Just because you are able to take a penalty-free early withdrawal, does not necessarily mean that it is in your best interest. Consult with your financial advisor to assist in developing a tax-efficient cash flow plan that complements your early retirement goal and specific financial circumstances.
Learn the details of any pension payments or defined benefit plan payments you are eligible to receive as there may be certain age requirements that must be met prior to starting the receiving of distributions. The details surrounding your payout can be complex, and there are often several options to structure the payout. If you are married, should you select the joint payout option to also include an annuity for your surviving spouse if you were to predecease your spouse? Is there a guaranteed term for the payout?Reviewing the risks and benefits of each payout option can be beneficial.
Employer Retirement Plans
Take the right steps for any employer-based 401(k) or 403(b) plans: What elections do you need to make? Do you plan to rollover the amount from those plans into an individual IRA, and how might that help you with the investment options available to you?
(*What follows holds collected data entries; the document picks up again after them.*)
Lemma omulr1 (p : {poly K}) : omul p 1 = p.
Proof.
have t1 : t 1 = 1 * 'X by rewrite -polyC1 tmulC rmorph1 delta1 addr0.
elim/poly_ind: p => [|p c IHp]; first by rewrite omul0l.
by rewrite omulDl omulXl omulCl t1 omul_mulXr IHp -alg_polyC.
Qed.
End OreRing.

Section RightDivision.
Variables (K : unitRingType) (sigma : {rmorphism K -> K}) (delta : {additive K -> K}).
Variable x : K.
Local Notation t := (tmul sigma delta).
Local Notation omul := (omul sigma delta).
Local Notation I := (in_lideal sigma delta).
Local Notation tXx k := (iter k t ('X - x%:P)).

Lemma iter_tmul_XsubC k : (size (tXx k) <= k.+2)%N /\ (tXx k)`_k.+1 = 1.
Proof.
elim: k => [|k [size_k lead_k]] /=.
  by rewrite size_XsubC coefB coefX coefC subr0.
have high_k j : (k.+2 <= j)%N -> (tXx k)`_j = 0.
  by move=> le_j; apply: nth_default; apply: leq_trans le_j.
split; last by rewrite coef_tmul /= lead_k rmorph1 high_k ?raddf0 ?addr0.
apply/leq_sizeP => -[|j] // le_j; rewrite coef_tmul /=.
by rewrite !high_k ?raddf0 ?addr0 // ltnW.
Qed.

Lemma coef_omul_XsubC (q : {poly K}) n :
  size q = n.+1 -> (omul q ('X - x%:P))`_n.+1 = q`_n.
Proof.
move=> size_q; rewrite (omulE sigma delta _ (eq_leq size_q)) coef_sum big_ord_recr /=.
rewrite big1 ?add0r => [|i _]; last first.
  rewrite coefZ [(tXx i)`_n.+1]nth_default ?mulr0 //.
  have [size_i _] := iter_tmul_XsubC i.
  by rewrite (leq_trans size_i) // ltnS.
by rewrite coefZ (proj2 (iter_tmul_XsubC n)) mulr1.
Qed.

Lemma omul_XsubC_constant (q : {poly K}) c : omul q ('X - x%:P) = c%:P -> q = 0.
Proof.
move=> qXc; apply/eqP; apply: contraT => q_neq0.
have size_q : size q = (size q).-1.+1 by rewrite prednK // size_poly_gt0.
have := coef_omul_XsubC size_q; rewrite qXc coefC /= => /esym/eqP.
by rewrite -lead_coefE lead_coef_eq0 (negbTE q_neq0).
Qed.

Lemma right_division (h : {poly K}) : exists q c, h = omul q ('X - x%:P) + c%:P.
Proof.
have [n size_h] : exists n, (size h <= n.+1)%N by exists (size h).
elim: n h size_h => [|n IHn] h size_h.
  by exists 0, h`_0; rewrite omul0l add0r -size1_polyC.
pose a := h`_n.+1; have [size_n lead_n] := iter_tmul_XsubC n.
have size_rest : (size (h - a *: tXx n)%R <= n.+1)%N.
  apply/leq_sizeP => j; rewrite leq_eqVlt => /orP[/eqP <-|lt_j].
    by rewrite coefB coefZ lead_n mulr1 subrr.
  by rewrite coefB coefZ !nth_default ?mulr0 ?subrr // (leq_trans _ lt_j).
have [q [c def_rest]] := IHn _ size_rest.
exists (q + a *: 'X^n), c.
by rewrite omulDl omulZl omul_Xn -addrAC -def_rest subrK.
Qed.

Lemma ore_evalP (h : {poly K}) c :
  I ('X - x%:P) (h - c%:P) -> ore_eval sigma delta h x = c.
Proof.
move=> [q def_q].
have : exists c, I ('X - x%:P) (h - c%:P) by exists c, q.
move=> /(epsilon_spec (inhabits 0)) [q' def_q'].
have eq_const : omul (q' - q) ('X - x%:P) = (c - ore_eval sigma delta h x)%:P.
  by rewrite omulBl -def_q -def_q' polyCB opprB addrC addrA subrK addrC.
have q_eq : q' - q = 0 := omul_XsubC_constant eq_const.
move: eq_const; rewrite q_eq omul0l => /esym/eqP.
by rewrite polyC_eq0 subr_eq0 => /eqP.
Qed.

Lemma ore_eval_spec (h : {poly K}) : I ('X - x%:P) (h - (ore_eval sigma delta h x)%:P).
Proof.
have [q [c def_h]] := right_division h.
apply: (epsilon_spec (inhabits 0) (fun c => I ('X - x%:P) (h - c%:P))).
by exists c, q; rewrite def_h addrK.
Qed.
End RightDivision.

Section LeftIdeals.
Variables (K : unitRingType) (sigma : {rmorphism K -> K}) (delta : {additive K -> K}).
Hypothesis delta_mul : forall a b : K, delta (a * b) = sigma a * delta b + delta a * b.
Local Notation omul := (omul sigma delta).
Local Notation I := (in_lideal sigma delta).

Lemma lideal_refl (f : {poly K}) : I f f.
Proof. by exists 1; rewrite omul1l. Qed.

Lemma lideal_opp (f a : {poly K}) : I f a -> I f (- a).
Proof. by move=> [q ->]; exists (- q); rewrite omulNl. Qed.

Lemma lideal_sub (f a b : {poly K}) : I f a -> I f b -> I f (a - b).
Proof. by move=> [q ->] [q' ->]; exists (q - q'); rewrite omulBl. Qed.

Lemma lideal_mull (f h a : {poly K}) : I f a -> I f (omul h a).
Proof. by move=> [q ->]; exists (omul h q); rewrite omulA. Qed.

Lemma lideal_trans (f g a : {poly K}) : I f a -> I g f -> I g a.
Proof. by move=> [q ->] [q' ->]; exists (omul q q'); rewrite omulA. Qed.

Lemma rrootsP (f : {poly K}) x : rroots sigma delta f x <-> I ('X - x%:P) f.
Proof.
split=> [f_x | Xx_f]; last by apply: ore_evalP; rewrite subr0.
by have := ore_eval_spec sigma delta x f; rewrite f_x subr0.
Qed.
End LeftIdeals.

Section EvaluationOfProducts.
Variables (K : unitRingType) (sigma : {rmorphism K -> K}) (delta : {additive K -> K}).
Hypothesis delta_mul : forall a b : K, delta (a * b) = sigma a * delta b + delta a * b.
Local Notation omul := (omul sigma delta).
Local Notation eval := (ore_eval sigma delta).
Local Notation oconj := (oconj sigma delta).

Lemma oconj_mul x c : c \is a GRing.unit -> oconj x c * c = sigma c * x + delta c.
Proof. by move=> c_unit; rewrite /Defs.oconj mulrDl !divrK. Qed.

(* The defining identity of x^c:  (t - x^c) c = sigma(c) (t - x). *)
Lemma omul_XsubC_oconj x c : c \is a GRing.unit ->
  omul ('X - (oconj x c)%:P) c%:P = omul (sigma c)%:P ('X - x%:P).
Proof.
move=> c_unit; rewrite omulBl -['X]expr1 omul_Xn !omulCl /= tmulC.
rewrite scalerBr !scale_polyC oconj_mul // polyCD opprD addrACA subrr addr0.
by rewrite expr1 mul_polyC.
Qed.

Lemma ore_eval_mul_unit (h g : {poly K}) x : eval g x \is a GRing.unit ->
  eval (omul h g) x = eval h (oconj x (eval g x)) * eval g x.
Proof.
set c := eval g x; set y := oconj x c => c_unit.
have [q def_g] := ore_eval_spec sigma delta x g.
have [q' def_h] := ore_eval_spec sigma delta y h.
apply: ore_evalP; exists (omul h q + omul q' (sigma c)%:P).
rewrite omulDl !(omulA delta_mul) -omul_XsubC_oconj //.
rewrite -(omulA delta_mul q') -def_g -def_h.
by rewrite omulBr omulBl omulCl scale_polyC addrA subrK.
Qed.

Lemma ore_eval_mul_root (h g : {poly K}) x : eval g x = 0 -> eval (omul h g) x = 0.
Proof. by move=> /rrootsP g_x; apply/rrootsP; apply: lideal_mull. Qed.

Lemma oconjK y d : d \is a GRing.unit -> oconj (oconj y d) d^-1 = y.
Proof.
move=> d_unit; rewrite /Defs.oconj invrK mulrDr mulrDl -!mulrA mulVr // mulr1.
rewrite !mulrA -rmorphM mulVr // rmorph1 mul1r mulr1 -addrA -delta_mul.
by rewrite mulVr // (delta1 delta_mul) addr0.
Qed.
End EvaluationOfProducts.

Section RootTransfer.
Variables (K : unitRingType) (sigma : {rmorphism K -> K}) (delta : {additive K -> K}).
Hypothesis delta_mul : forall a b : K, delta (a * b) = sigma a * delta b + delta a * b.
Local Notation omul := (omul sigma delta).
Local Notation eval := (ore_eval sigma delta).
Local Notation I := (in_lideal sigma delta).
Local Notation V := (rroots sigma delta).

Lemma ore_eval_left_inverse (f g h : {poly K}) x :
  I f (1 - omul h g) -> V f x -> eval (omul h g) x = 1.
Proof.
move=> inv_hg /rrootsP f_x; apply: ore_evalP.
rewrite polyC1 -[_ - 1]opprB; apply: lideal_opp.
by apply: (lideal_trans delta_mul inv_hg).
Qed.

Lemma left_invertible_eval_neq0 (f g h : {poly K}) x :
  I f (1 - omul h g) -> V f x -> eval g x != 0.
Proof.
move=> inv_hg f_x; apply/eqP => g_x.
have := ore_eval_left_inverse inv_hg f_x.
by rewrite (ore_eval_mul_root delta_mul h g_x) => /eqP; rewrite eq_sym oner_eq0.
Qed.

Lemma rroots_phi (f f' g : {poly K}) x :
  I f (omul f' g) -> V f x -> eval g x \is a GRing.unit -> V f' (phi sigma delta g x).
Proof.
move=> f'g_in_Rf /rrootsP f_x g_unit.
have /rrootsP := lideal_trans delta_mul f'g_in_Rf f_x.
rewrite /rroots (ore_eval_mul_unit delta_mul _ g_unit) => prod_eq0.
by rewrite /rroots /phi -[LHS](mulrK g_unit) prod_eq0 mul0r.
Qed.

Lemma phi_left_inverse (g g' : {poly K}) y :
  eval (omul g g') y = 1 -> eval g' y \is a GRing.unit ->
  phi sigma delta g (phi sigma delta g' y) = y.
Proof.
move=> gg'_y d_unit; rewrite /phi.
have -> : eval g (oconj sigma delta y (eval g' y)) = (eval g' y)^-1.
  by apply: (mulIr d_unit); rewrite -ore_eval_mul_unit // gg'_y mulVr.
exact: oconjK.
Qed.

Lemma iso_inverse_relations (f f' g g' : {poly K}) :
  (forall h1 h2, I f (omul h1 g - omul h2 g) -> I f' (h1 - h2)) ->
  I f (1 - omul g' g) -> I f' (1 - omul g g') /\ I f' (omul f g').
Proof.
move=> inj inv_g'g; split.
  rewrite -opprB; apply/lideal_opp/inj.
  have -> : omul (omul g g') g - omul 1 g = - omul g (1 - omul g' g).
    by rewrite (omulA delta_mul) omulBr (omulr1 delta_mul) omul1l opprB.
  exact/lideal_opp/(lideal_mull delta_mul).
rewrite -[omul f g']subr0; apply: inj.
have -> : omul (omul f g') g - omul 0 g = f - omul f (1 - omul g' g).
  rewrite omul0l subr0 (omulA delta_mul) omulBr (omulr1 delta_mul).
  by rewrite opprB addrC subrK.
by apply: lideal_sub; [apply: lideal_refl | apply: (lideal_mull delta_mul)].
Qed.
End RootTransfer.

Theorem corollary1p17
  (K : unitRingType)
  (Kdiv : forall a : K, a != 0 -> a \is a GRing.unit)
  (sigma : {rmorphism K -> K}) (delta : {additive K -> K})
  (delta_mul : forall a b : K, delta (a * b) = sigma a * delta b + delta a * b)
  (f f' g : {poly K})
  (* h + R f' |-> h g + R f is well defined *)
  (Hwd : forall h1 h2 : {poly K}, in_lideal sigma delta f' (h1 - h2) ->
           in_lideal sigma delta f (omul sigma delta h1 g - omul sigma delta h2 g))
  (* ... injective *)
  (Hinj : forall h1 h2 : {poly K},
           in_lideal sigma delta f (omul sigma delta h1 g - omul sigma delta h2 g) ->
           in_lideal sigma delta f' (h1 - h2))
  (* ... surjective *)
  (Hsurj : forall k : {poly K}, exists h : {poly K},
           in_lideal sigma delta f (k - omul sigma delta h g)) :
  (forall x : K, rroots sigma delta f x -> ore_eval sigma delta g x != 0) /\
  (forall y : K, rroots sigma delta f' y <->
     exists2 x : K, rroots sigma delta f x & y = phi sigma delta g x).
Proof.
have [g' inv_g'g] := Hsurj 1.
have g_neq0 x : rroots sigma delta f x -> ore_eval sigma delta g x != 0.
  exact: (left_invertible_eval_neq0 delta_mul inv_g'g).
split=> // y; split=> [f'_y | [x f_x ->]].
- have [inv_gg' fg'_in_Rf'] := iso_inverse_relations delta_mul Hinj inv_g'g.
  have g'_unit := Kdiv _ (left_invertible_eval_neq0 delta_mul inv_gg' f'_y).
  exists (phi sigma delta g' y); first exact: rroots_phi fg'_in_Rf' f'_y g'_unit.
  by rewrite phi_left_inverse // (ore_eval_left_inverse delta_mul inv_gg' f'_y).
-
  have f'g_in_Rf : in_lideal sigma delta f (omul sigma delta f' g).
    by have := Hwd f' 0; rewrite subr0 omul0l subr0; apply; apply: lideal_refl.
  exact: rroots_phi f'g_in_Rf f_x (Kdiv _ (g_neq0 x f_x)).
Qed.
Do you have any employer stock in a stock purchase or stock option plan? There could be tax-efficient ways to distribute that stock to you.
Prepare for retirement by making sure you are comfortable and understand where your cash flow will come from each month. Knowing the tax consequences of where your cash flow comes from is incredibly helpful. You will be affected differently if you pull funds out of your traditional IRA vs. your Roth IRA or your personal investments.
How do you plan to pay your income taxes in retirement? Because they’re not withheld from a paycheck, you may need to estimate taxes or determine how much to withhold from pension payments, IRA withdrawals, and Social Security payments. In the early years of your retirement, there may be a possibility for a Roth conversion between your retirement date and age 75, when your required minimum distributions will begin as it’s possible you could be in a lower tax bracket.
Decide if you feel comfortable managing your retirement plans and investment funds yourself or if you would like professional help as you prepare for retirement. Working with a financial planner to manage your portfolio can help you ensure your retirement needs are met and coordinate your overall risk to match your goals. You will be able to answer questions such as – will your tax rate change? When should you begin pension or Social Security income? What risk level and investment options are the best for your specific plans and goals? How will charitable giving and tax planning affect your retirement?
This is intended for informational purposes only and should not be construed as personalized investment or financial advice. Please consult your investment and financial professional(s) regarding your unique situation.